When Will U.S. Actually Run Out of Time on the Debt Ceiling?
Time,
8
October, 2013
With
the government shutdown more than a week old and no resolution to the
standoff in sight, economy-watchers are turning their attention to
the debt limit, which the Treasury Department has estimated we will
breach sometime after October 17h.
That’s
the date when Treasury Secretary Jack Lew has said his Department
will have exhausted the “extraordinary measures” it has taken to
extend the U.S. government’s borrowing ability without technically
going over the debt limit. After the 17th, Lew has said, the Treasury
Department will have just $30 billion in cash on hand, which Lew has
told Congress is “far short of net expenditures on certain days,
which can be as high as $60 billion.”
So
when exactly will the country run out of time in the debt ceiling
crisis?
Lew’s
language leaves wiggle room as to the exact date when the Treasury
Department’s funds would be insufficient to meet its obligations.

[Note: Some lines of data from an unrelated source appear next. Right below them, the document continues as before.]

Section ReducedLaplacian.
Variables (m : nat) (E : finType) (s t : E -> 'I_m.+1) (r : 'I_m.+1).
Hypothesis noloop : forall e, s e != t e.
Variables (R : comPzRingType) (pi : E -> R).
Implicit Types phi : {ffun 'I_m -> E}.

Definition step_adj phi : 'M[R]_m := \matrix_(i, k) (t (phi i) == lift r k)%:R.

Lemma step_of_perm_term phi (sg : 'S_m) :
  \prod_i (1%:M - step_adj phi) i (sg i) != 0 ->
  forall i, sg i != i -> step t r phi (lift r i) = lift r (sg i).
Proof.
move=> nz i moved; apply/eqP; apply: contraNT nz; rewrite step_lift => /negbTE no_edge.
by rewrite (bigD1 i) //= !mxE [i == _]eq_sym (negbTE moved) no_edge subrr mul0r.
Qed.

Lemma det_step_rootward phi :
  out_choice s r phi -> rootward t r phi -> \det (1%:M - step_adj phi) = 1.
Proof.
move=> /out_choiceP choice_phi /forallP to_root.
have diag i : (1%:M - step_adj phi) i i = 1.
  by rewrite !mxE eqxx -choice_phi eq_sym (negbTE (noloop _)) subr0.
have off_diag (sg : 'S_m) : sg != 1%g -> \prod_i (1%:M - step_adj phi) i (sg i) = 0.
  move=> sg_ne1; apply/eqP/negPn/negP => /step_of_perm_term sg_step.
  have [i0 moved0] : exists i0, sg i0 != i0.
    apply/existsP; apply: contraNT sg_ne1 => /existsPn fixed.
    by apply/eqP/permP => i; rewrite perm1; apply/eqP/negPn/fixed.
  have moved_orbit k :
      exists2 i, sg i != i & iter k (step t r phi) (lift r i0) = lift r i.
    elim: k => [|k [i moved iter_k]]; first by exists i0.
    exists (sg i); first by rewrite (inj_eq perm_inj).
    by rewrite iterS iter_k sg_step.
  have [i _] := moved_orbit (findex (step t r phi) (lift r i0) r).
  by rewrite iter_findex ?to_root // => /eqP; rewrite (negbTE (neq_lift r i)).
rewrite /determinant (bigD1 (1%g : 'S_m)) //= odd_perm1 expr0 mul1r.
rewrite big1 => [|i _]; last by rewrite perm1 diag.
by rewrite big1 ?addr0 // => sg /off_diag ->; rewrite mulr0.
Qed.

Lemma det_step_not_rootward phi : ~~ rootward t r phi -> \det (1%:M - step_adj phi) = 0.
Proof.
case/forallPn => j0 not_root.
pose w : 'cV[R]_m := \col_k (~~ fconnect (step t r phi) (lift r k) r)%:R.
have step_w : step_adj phi *m w = w.
  apply/matrixP => i z; rewrite [in RHS]mxE -fconnect_step_root step_lift !mxE.
  under eq_bigr do rewrite !mxE.
  have [k -> | ->] := unliftP r (t (phi i)).
  - rewrite (bigD1 k) //= eqxx mul1r big1 ?addr0 // => k' /negbTE.
    by rewrite (inj_eq lift_inj) eq_sym => ->; rewrite mul0r.
  - by rewrite connect0 big1 // => k _; rewrite (negbTE (neq_lift _ _)) mul0r.
have /matrixP/(_ j0 0) : \det (1%:M - step_adj phi) *: w = 0.
  by apply: det_scale_kernel; rewrite mulmxBl mul1mx step_w subrr.
by rewrite !mxE (negbTE not_root) mulr1.
Qed.

Lemma reduced_laplacian_entry i k :
  (- row' r (col' r (laplacian s t pi)))^T i k =
  \sum_(e | s e == lift r i) pi e * ((i == k)%:R - (t e == lift r k)%:R).
Proof.
rewrite !mxE (inj_eq lift_inj) [k == i]eq_sym /lap_offdiag.
have [<- | ne_ik] := eqVneq i k.
- rewrite opprK (partition_big t (fun x => x != lift r i)) => [|e /eqP <-]; last first.
    by rewrite eq_sym noloop.
  apply: eq_bigr => x x_ne; apply: eq_bigr => e /andP[_ /eqP ->].
  by rewrite (negbTE x_ne) subr0 mulr1.
- rewrite big_mkcondr -sumrN; apply: eq_bigr => e _.
  by case: eqP => _; rewrite sub0r ?mulrN1 ?oppr0 ?mulr0.
Qed.

Lemma det_neg_reduced_laplacian :
  \det (- row' r (col' r (laplacian s t pi))) =
  \sum_(phi | out_choice s r phi) \prod_j pi (phi j) * \det (1%:M - step_adj phi).
Proof.
pose F (sg : 'S_m) (i : 'I_m) e :=
  if s e == lift r i then pi e * ((i == sg i)%:R - (t e == lift r (sg i))%:R) else 0.
have expand_rows (sg : 'S_m) :
    \prod_i (- row' r (col' r (laplacian s t pi)))^T i (sg i) =
    \sum_(phi : {ffun 'I_m -> E}) \prod_i F sg i (phi i).
  rewrite -bigA_distr_bigA; apply: eq_bigr => i _.
  by rewrite reduced_laplacian_entry big_mkcond.
rewrite -det_tr /determinant.
under eq_bigr do rewrite expand_rows big_distrr.
rewrite exchange_big [RHS]big_mkcond; apply: eq_bigr => phi _ /=.
case: ifPn => [/out_choiceP choice_phi | /forallPn[i not_out]].
- rewrite big_distrr; apply: eq_bigr => sg _ /=.
  rewrite mulrCA -big_split; congr (_ * _); apply: eq_bigr => i _ /=.
  by rewrite /F choice_phi eqxx !mxE.
- by rewrite big1 // => sg _; rewrite (bigD1 i) //= /F (negbTE not_out) mul0r mulr0.
Qed.

Theorem matrix_tree :
  \det (row' r (col' r (laplacian s t pi))) = (-1) ^+ m * Upsilon s t pi r.
Proof.
have det_opp : \det (- row' r (col' r (laplacian s t pi))) =
    (-1) ^+ m * \det (row' r (col' r (laplacian s t pi))).
  by rewrite -scaleN1r detZ.
rewrite -[LHS](signrMK m) -det_opp det_neg_reduced_laplacian Upsilon_out_choice.
congr (_ * _); rewrite (bigID (rootward t r)) /= [X in _ + X]big1 ?addr0.
- apply: eq_bigr => phi /andP[choice_phi rootward_phi].
  by rewrite det_step_rootward ?mulr1.
- by move=> phi /andP[_ /det_step_not_rootward ->]; rewrite mulr0.
Qed.

End ReducedLaplacian.

Section ColumnSumZero.
Variables (R : comPzRingType) (n : nat).
Implicit Types (A L : 'M[R]_n).

Definition row_subst (j : 'I_n) (v : 'rV[R]_n) A : 'M[R]_n :=
  \matrix_(a, b) if a == j then v 0 b else A a b.

Lemma cofactor_row_subst A j v b : cofactor (row_subst j v A) j b = cofactor A j b.
Proof.
rewrite /cofactor; congr (_ * \det _).
by apply/matrixP => a c; rewrite !mxE eq_sym (negbTE (neq_lift j a)).
Qed.

Lemma det_row_subst A j v : \det (row_subst j v A) = \sum_b v 0 b * cofactor A j b.
Proof.
by rewrite (expand_det_row _ j); apply: eq_bigr => b _; rewrite cofactor_row_subst mxE eqxx.
Qed.

Lemma cofactorE_row_subst A j k : cofactor A j k = \det (row_subst j (delta_mx 0 k) A).
Proof.
rewrite det_row_subst (bigD1 k) //= mxE !eqxx mul1r big1 ?addr0 // => b ne_bk.
by rewrite mxE (negbTE ne_bk) mul0r.
Qed.

Lemma det_xrow A j j' : j != j' -> \det (xrow j j' A) = - \det A.
Proof.
by move=> ne_jj'; rewrite xrowE det_mulmx det_perm odd_tperm ne_jj' expr1 mulN1r.
Qed.

(* Adding to row j' all rows of L but row j turns it into minus row j. *)
Lemma cofactor_col_const L :
  (forall k, \sum_i L i k = 0) -> forall j j' k, cofactor L j k = cofactor L j' k.
Proof.
move=> colsum0 j j' k; have [<- // | ne_jj'] := eqVneq j j'.
rewrite !cofactorE_row_subst; set N := row_subst j _ L.
have sum_rows : \sum_i \det (row_subst j' (row i L) N) = 0.
  under eq_bigr do rewrite det_row_subst.
  rewrite exchange_big big1 // => b _; rewrite -mulr_suml.
  under eq_bigr do rewrite mxE.
  by rewrite colsum0 mul0r.
rewrite (bigD1 j') // (bigD1 j ne_jj') /= big1 ?addr0 in sum_rows; last first.
  move=> i /andP[ne_ij' ne_ij]; apply: (determinant_alternate ne_ij') => b.
  by rewrite !mxE !eqxx (negbTE ne_ij') (negbTE ne_ij).
have N_j' : row_subst j' (row j' L) N = N.
  apply/matrixP => a b; rewrite !mxE.
  by case: eqVneq => [-> | //]; rewrite eq_sym (negbTE ne_jj').
have swap : row_subst j' (row j L) N = xrow j j' (row_subst j' (delta_mx 0 k) L).
  apply/matrixP => a b; rewrite !mxE.
  case: tpermP => [-> | -> | /eqP ne_aj /eqP ne_aj'].
  - by rewrite !eqxx (negbTE ne_jj').
  - by rewrite !eqxx (negbTE ne_jj').
  - by rewrite (negbTE ne_aj) (negbTE ne_aj').
move: sum_rows; rewrite N_j' swap det_xrow // => /eqP.
by rewrite addr_eq0 opprK => /eqP.
Qed.

End ColumnSumZero.

Lemma det_col_sum0 (R : comPzRingType) n (L : 'M[R]_n.+1) :
  (forall k, \sum_i L i k = 0) -> \det L = 0.
Proof.
move=> colsum0; rewrite (expand_det_col _ 0).
under eq_bigr do rewrite (cofactor_col_const colsum0 _ 0).
by rewrite -mulr_suml colsum0 mul0r.
Qed.

Lemma mulmx_diag_cofactor_col_sum0 (R : comPzRingType) n (L : 'M[R]_n.+1) :
  (forall k, \sum_i L i k = 0) -> L *m \col_k cofactor L k k = 0.
Proof.
move=> colsum0; apply/colP => i.
have := mul_mx_adj L; rewrite det_col_sum0 // => /matrixP/(_ i i).
rewrite !mxE mul0rn => adj_ii; rewrite -[RHS]adj_ii.
by apply: eq_bigr => k _; rewrite !mxE (cofactor_col_const colsum0 i k k).
Qed.
Theorem lemma5
  (CFL : R) (g : R -> R -> R)
  (v u : R -> R -> R -> R)   (* families indexed by epsilon: v eps x t *)
  (v2 u2 : R -> R -> R) :
  0 < CFL < 1 ->
  (forall e x t,
     ex_derive (fun y => v e y t) x /\ ex_derive (fun s => v e x s) t /\
     ex_derive (fun y => dx_ (v e) y t) x /\
     ex_derive (fun y => u e y t) x /\ ex_derive (fun s => u e x s) t /\
     ex_derive (fun y => dx_ (u e) y t) x /\ ex_derive (fun s => dx_ (u e) x s) t) ->
  (forall x t,
     ex_derive (fun y => v2 y t) x /\ ex_derive (fun s => v2 x s) t /\
     ex_derive (fun y => u2 y t) x /\
     ex_derive (fun y => dx_ u2 y t) x /\ ex_derive (fun s => dx_ u2 x s) t) ->
  (exists M, C1_le v2 M /\ C1_le (dx_ u2) M) ->
  (exists L, forall x y t, 0 <= x <= 1 -> 0 <= y <= 1 -> 0 <= t ->
     Rabs (g x t - g y t) <= L * Rabs (x - y)) ->
  (forall e, 0 < e < 1 -> forall x t, in_dom x t ->
     dt_ (v e) x t - dx_ (u e) x t = 0 /\
     dt_ (u e) x t - / (e ^ 2) * dx_ (v e) x t = g x t) ->
  (forall e, 0 < e < 1 -> forall t, 0 <= t -> v e 0 t = 0 /\ v e 1 t = 0) ->
  (exists C, forall e, 0 < e < 1 ->
     C1_le (fun x t => v e x t - e ^ 2 * v2 x t) (C * e ^ 3) /\
     C1_le (fun x t => dx_ (u e) x t - e ^ 2 * dx_ u2 x t) (C * e ^ 3)) ->
  exists K, forall e, 0 < e < 1 -> forall (N n : nat), (0 < N)%nat ->
    let dx := / INR N in
    let dt := CFL * dx in
    L2err (v e) (u e) N dx dt (INR n * dt) <= K * e ^ 2 * dx.
Proof.
  intros HCFL Hsm Hsm2 [M [_ HM]] [L HL] Hpde Hbd [C HC].
  set (Kmax := Rabs C + Rabs M + Rabs L).
  exists (2 * (12 + 16 / CFL) * Kmax).
  intros e He N n HN dx dt.
  assert (Ht : 0 <= INR n * dt).
  { apply Rmult_le_pos; [apply pos_INR |].
    apply Rmult_le_pos; [lra | apply Rlt_le, Rinv_0_lt_compat, lt_0_INR; lia]. }
  set (t := INR n * dt) in *.
  destruct (HC e He) as [_ HCu].
  assert (Hux : lipschitz01 (fun x => dx_ (u e) x t) (e ^ 2 * (Rabs C + Rabs M))).
  { apply dx_lipschitz_of_expansion with u2; auto;
      intros x; pose proof (Hsm e x t); pose proof (Hsm2 x t); tauto. }
  assert (Hut : lipschitz01 (fun x => dt_ (u e) x t) (e ^ 2 * (Rabs C + Rabs M))).
  { apply dt_lipschitz_of_expansion with u2; auto;
      intros z s; pose proof (Hsm e z s); pose proof (Hsm2 z s); tauto. }
  assert (Hvx := dx_lipschitz_of_pde (v e) (u e) g e t _ L He
                   (fun x Hx => proj2 (Hpde e He x t (conj Hx Ht))) Hut
                   (fun x y Hx Hy => HL x y t Hx Hy Ht)).
  destruct (wall_traces (v e) (u e) t Ht (Hbd e He)) as (Hv0 & Hv1 & Hu0 & Hu1).
  { intros x. pose proof (Hsm e x t). tauto. }
  { intros x Hx. exact (proj1 (Hpde e He x t (conj Hx Ht))). }
  assert (He2 : 0 < e ^ 2 <= 1) by (simpl; split; nra).
  pose proof (Rabs_pos C); pose proof (Rabs_pos M); pose proof (Rabs_pos L).
  replace (2 * (12 + 16 / CFL) * Kmax * e ^ 2 * dx)
    with (2 * (12 + 16 / CFL) * (e ^ 2 * Kmax) * / INR N) by (unfold dx; ring).
  apply L2err_le; try assumption; try (intros x; pose proof (Hsm e x t); tauto).
  - lra.
  - unfold Kmax. nra.
  - apply (lipschitz01_le _ _ _ Hvx), Rmult_le_compat_l; [lra |]. unfold Kmax. nra.
  - apply (lipschitz01_le _ _ _ Hux), Rmult_le_compat_l; [lra |]. unfold Kmax. lra.
Qed.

While the vast majority of market analysts believe a U.S. default
would be catastrophic for the world economy, there’s not a lot of
consensus on the exact date when that catastrophe would take place.
Many
believe that we won’t wake up on October 18th to worldwide
financial panic, that the government could probably limp along for a
few more days and possibly to the end of the month before things get
really bad. “A true capital D default is very unlikely to happen on
October 18th,” writes Chris Kreuger, an analyst at Guggenheim
Partners in a research note. He argues that since the Treasury
Department has few large payments due before November 1, it’s
likely that we could actually get along without missing payments and
triggering a default scenario. Kreuger stresses, however, that this
is just speculation. “We don’t want to sound too optimistic about
a post-October 17 world. The short answer is that no one quite knows
what would happen,” if we reach that date without raising the debt
ceiling.
Economists
at JPMorgan have been more precise, estimating that the Treasury will
run out of cash on the 24th—one week after Treasury says it’s
extraordinary measures will be exhausted. They write that it is
“extremely unlikely” the Treasury will be able to make it’s
payments more than a few days after the 24th, and that the Treasury
would most certainly have to default on some payments by November
1st, when large outlays for Social Security, Medicare, retirement
benefits for military and civil services workers, and interest
payments are due.
The
Bipartisan Policy Center echoes this view. In an updated analysis
published this morning, it estimates that the “X date” defined as
“the date on which the United States will be unable to meet all of
its financial obligations in full and on time,” will come between
October 22nd and November 1st. Analysts from Bank of America and
Goldman Sachs also support the view that while the Treasury may be
able to limp along during the second half of October, it’s highly
unlikely the U.S. would avoid default without the debt ceiling being
raised before November 1st.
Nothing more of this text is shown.